ReadPaper Blog
Role-Agent: Bootstrapping LLM Agents via Dual-Role Evolution
Role-Agent addresses a central limitation in training LLM agents: sparse feedback and static environments often fail to reveal why an agent made poor long-horizon decisions. The paper proposes using a single LLM in two roles, as both the acting agent and an adaptive environment-like critic, through World-In-Agent state prediction and Agent-In-World failure-driven task redistribution. Experiments on multiple benchmarks report consistent gains, including an average improvement of over 4% against strong baselines, suggesting that dual-role co-evolution can improve agent learning without requiring separate environment models.
Source: Role-Agent: Bootstrapping LLM Agents via Dual-Role Evolution

When agents get stuck
The paper starts from the observation that LLM agents increasingly operate in multi-turn settings such as coding, navigation, deep research, and embodied tasks, where final success depends on long-horizon interaction rather than one-shot answering. Existing Agentic Reinforcement Learning methods can optimize full rollout trajectories, but many environments provide sparse trajectory-level rewards that say little about which action caused failure. The authors argue that static training environments also fail to expose hidden weaknesses because they present tasks, observations, and rewards without adapting to the agent’s current deficiencies. This creates inefficient exploration: the agent may repeat familiar behaviors while receiving feedback too coarse to support fine-grained credit assignment. Role-Agent is motivated as a way to make the learning environment more informative and adaptive while avoiding the extra complexity of building separate synthetic environment models or task generators.

One model, two roles
Role-Agent proposes bootstrapped agent-environment co-evolution by assigning a single LLM two complementary functions during training. In one role, the model acts as the agent, choosing actions under a policy and interacting with task states across a trajectory. In the other role, the same model contributes environment-like feedback by analyzing failures and reshaping which tasks should be emphasized in later training. This design differs from agent-only self-improvement methods because the paper treats the training distribution itself as something that can adapt to the agent’s weaknesses. The framework is organized around two modules, World-In-Agent and Agent-In-World, which together aim to improve both environment-aware reasoning and targeted practice. The implication is that an LLM agent can use its own generative and analytic capacity to create richer learning signals without relying on additional human supervision.

World-In-Agent
World-In-Agent internalizes environment dynamics by asking the LLM agent to predict future states after each action during a rollout. Formally, after action at step t, the agent predicts states over a horizon H, producing future-state estimates that are later compared with the actual observed states. The paper measures this prediction quality using a Longest Matching Subsequence score over textual state contexts, yielding predictive rewards that quantify how well the agent anticipated action consequences. These predictive rewards are not added as independent success signals; instead, they modulate the task reward through a multiplicative form, so accurate prediction amplifies credit for successful actions while poor prediction weakens credit for actions whose success may be accidental. This mechanism turns state prediction into a reliability-aware process reward, encouraging the agent to reason about how actions change the environment rather than merely optimizing final outcomes.

Agent-In-World
Agent-In-World addresses the complementary problem of deciding what the agent should practice after it fails. The module uses the same LLM to examine failed trajectories step by step and produce reflections or failure modes that identify root causes of unsuccessful behavior.

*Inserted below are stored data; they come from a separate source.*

Fixpoint raw_nested_ind (r : raw A) : P r :=
  let fix all_raw (l : list (raw A)) : Forall P l :=
    match l with
    | [] => Forall_nil _
    | x :: l' => Forall_cons _ (raw_nested_ind x) (all_raw l')
    end in
  let fix all_subs (L : list (list (raw A))) : Forall (Forall P) L :=
    match L with
    | [] => Forall_nil _
    | X :: L' => Forall_cons _ (all_raw X) (all_subs L')
    end in
  match r with
  | Atom a => P_atom a
  | Arrow dom cod =>
      P_arrow dom cod (proj1 (Forall_forall P dom) (all_raw dom))
        (fun X x HX Hx => proj1 (Forall_forall P X)
                            (proj1 (Forall_forall (Forall P) cod) (all_subs cod) X HX) x Hx)
  end.
End RawInd.

Section Liftings.
Context {X Y : Type}.

Definition hoare (R : X -> Y -> Prop) (l : list X) (l' : list Y) : Prop :=
  forall x, In x l -> exists y, In y l' /\ R x y.

Definition smyth (R : X -> Y -> Prop) (l : list X) (l' : list Y) : Prop :=
  forall y, In y l' -> exists x, In x l /\ R x y.

Definition perm_Forall2 (R : X -> Y -> Prop) (l : list X) (l' : list Y) : Prop :=
  exists l0, Permutation l l0 /\ Forall2 R l0 l'.

Lemma Forall2_In_l {R : X -> Y -> Prop} {l l' x} :
  Forall2 R l l' -> In x l -> exists y, In y l' /\ R x y.
Proof.
  induction 1 as [|x0 y0 l l' Hxy _ IH]; simpl; [tauto|].
  intros [<-|Hx]; [eauto|]. destruct (IH Hx) as [y [Hy Hxy']]; eauto.
Qed.

Lemma Forall2_In_r {R : X -> Y -> Prop} {l l' y} :
  Forall2 R l l' -> In y l' -> exists x, In x l /\ R x y.
Proof.
  induction 1 as [|x0 y0 l l' Hxy _ IH]; simpl; [tauto|].
  intros [<-|Hy]; [eauto|]. destruct (IH Hy) as [x [Hx Hxy']]; eauto.
Qed.

Lemma hoare_incl (R : X -> Y -> Prop) l l' l'' :
  incl l' l'' -> hoare R l l' -> hoare R l l''.
Proof.
  intros Hincl H x Hx. destruct (H x Hx) as [y [Hy Hxy]]. exists y; auto.
Qed.

Lemma hoare_concat_l (R : X -> Y -> Prop) ls l' :
  (forall l, In l ls -> hoare R l l') -> hoare R (concat ls) l'.
Proof.
  intros H x Hx. apply in_concat in Hx as [l [Hl Hx]]. exact (H l Hl x Hx).
Qed.

Lemma smyth_incl (R : X -> Y -> Prop) l l' l'' :
  incl l l'' -> smyth R l l' -> smyth R l'' l'.
Proof.
  intros Hincl H y Hy. destruct (H y Hy) as [x [Hx Hxy]]. exists x; auto.
Qed.

Lemma smyth_concat_r (R : X -> Y -> Prop) l ls :
  (forall l', In l' ls -> smyth R l l') -> smyth R l (concat ls).
Proof.
  intros H y Hy. apply in_concat in Hy as [l' [Hl' Hy]]. exact (H l' Hl' y Hy).
Qed.

Lemma perm_Forall2_hoare (E R : X -> Y -> Prop) l l' :
  (forall x y, In x l -> E x y -> R x y) -> perm_Forall2 E l l' -> hoare R l l'.
Proof.
  intros HER [l0 [Hp HF]] x Hx.
  destruct (Forall2_In_l HF (Permutation_in _ Hp Hx)) as [y [Hy Hxy]]. eauto.
Qed.

Lemma perm_Forall2_smyth (E R : X -> Y -> Prop) l l' :
  (forall x y, In x l -> E x y -> R x y) -> perm_Forall2 E l l' -> smyth R l l'.
Proof.
  intros HER [l0 [Hp HF]] y Hy.
  destruct (Forall2_In_r HF Hy) as [x [Hx Hxy]].
  apply (Permutation_in _ (Permutation_sym Hp)) in Hx. eauto.
Qed.
End Liftings.

Section Preorder.
Context {X : Type} {R : X -> X -> Prop}.

Lemma hoare_refl_in l : (forall x, In x l -> R x x) -> hoare R l l.
Proof. intros H x Hx; eauto. Qed.

Lemma smyth_refl_in l : (forall x, In x l -> R x x) -> smyth R l l.
Proof. intros H x Hx; eauto. Qed.

Lemma hoare_trans_in {l1 l2 l3} :
  (forall y, In y l2 -> forall x z, R x y -> R y z -> R x z) ->
  hoare R l1 l2 -> hoare R l2 l3 -> hoare R l1 l3.
Proof.
  intros Htr H12 H23 x Hx.
  destruct (H12 x Hx) as [y [Hy Hxy]]. destruct (H23 y Hy) as [z [Hz Hyz]].
  eauto.
Qed.

Lemma smyth_trans_in {l1 l2 l3} :
  (forall y, In y l2 -> forall x z, R x y -> R y z -> R x z) ->
  smyth R l1 l2 -> smyth R l2 l3 -> smyth R l1 l3.
Proof.
  intros Htr H12 H23 z Hz.
  destruct (H23 z Hz) as [y [Hy Hyz]]. destruct (H12 y Hy) as [x [Hx Hxy]].
  eauto.
Qed.
End Preorder.

Lemma Forall2_refl_in {X} (R : X -> X -> Prop) l :
  (forall x, In x l -> R x x) -> Forall2 R l l.
Proof. induction l; simpl; auto. Qed.

Lemma concat_map_singleton {X} (l : list X) : concat (map (fun x => [x]) l) = l.
Proof. induction l; simpl; congruence. Qed.

Section Subtyping.
Context {A : Type}.

Inductive le_raw : raw A -> raw A -> Prop :=
| le_raw_atom a : le_raw (Atom a) (Atom a)
| le_raw_arrow S T S' T' :
    smyth le_raw S' S -> hoare (smyth le_raw) T T' -> le_raw (Arrow S T) (Arrow S' T').

Definition le_subs : subs A -> subs A -> Prop := smyth le_raw.
Definition le_ty : ty A -> ty A -> Prop := hoare le_subs.

Lemma le_raw_refl r : le_raw r r.
Proof.
  induction r as [a|S T HS HT] using raw_nested_ind; constructor.
  - apply smyth_refl_in; auto.
  - apply hoare_refl_in. intros X HX. apply smyth_refl_in; eauto.
Qed.

Lemma le_raw_trans r2 : forall r1 r3, le_raw r1 r2 -> le_raw r2 r3 -> le_raw r1 r3.
Proof.
  induction r2 as [a|S T HS HT] using raw_nested_ind; intros r1 r3 H12 H23.
  - inversion H12; subst; inversion H23; subst; constructor.
  - inversion H12 as [|S1 T1 ? ? HS12 HT12]; subst.
    inversion H23 as [|? ? S3 T3 HS23 HT23]; subst.
    constructor.
    + apply (smyth_trans_in HS HS23 HS12).
    + apply (hoare_trans_in (l2 := T)); auto.
      intros X HX X1 X3. apply smyth_trans_in. intros x Hx; eauto.
Qed.

Lemma le_subs_refl S : le_subs S S.
Proof. apply smyth_refl_in; auto using le_raw_refl. Qed.

Lemma le_ty_refl T : le_ty T T.
Proof. apply hoare_refl_in; auto using le_subs_refl. Qed.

Role-Agent then retrieves tasks with similar failure patterns and adjusts the training data distribution toward those cases, making the environment more diagnostic of the agent’s current weaknesses. This approach is positioned against fixed-distribution RL and self-evolving agent methods that mainly update policies or agent scaffolds while leaving the task environment unchanged. By prioritizing tasks linked to historical deficiencies, Agent-In-World gives the training process a curriculum-like adaptation driven by observed failure rather than manually designed scheduling. The result is a feedback loop in which poor performance is converted into information about where future rollouts should concentrate.

What changed?
The paper reports that Role-Agent consistently outperforms existing approaches across multiple benchmarks, with an average gain of over 4% over strong baselines. The authors interpret these results as evidence that a single LLM can use dual-role evolution to improve practical performance in text-based interactive environments. The reported gains support the value of combining fine-grained predictive credit assignment from World-In-Agent with failure-aware task redistribution from Agent-In-World. The method also has a deployment advantage because it avoids the need for separate environment models, task generators, or manually engineered adaptive schedulers. More broadly, the paper suggests that future LLM agent training can move beyond static rewards and fixed task pools toward self-adaptive interaction loops in which the agent learns both from what happened and from why its own predictions and decisions failed.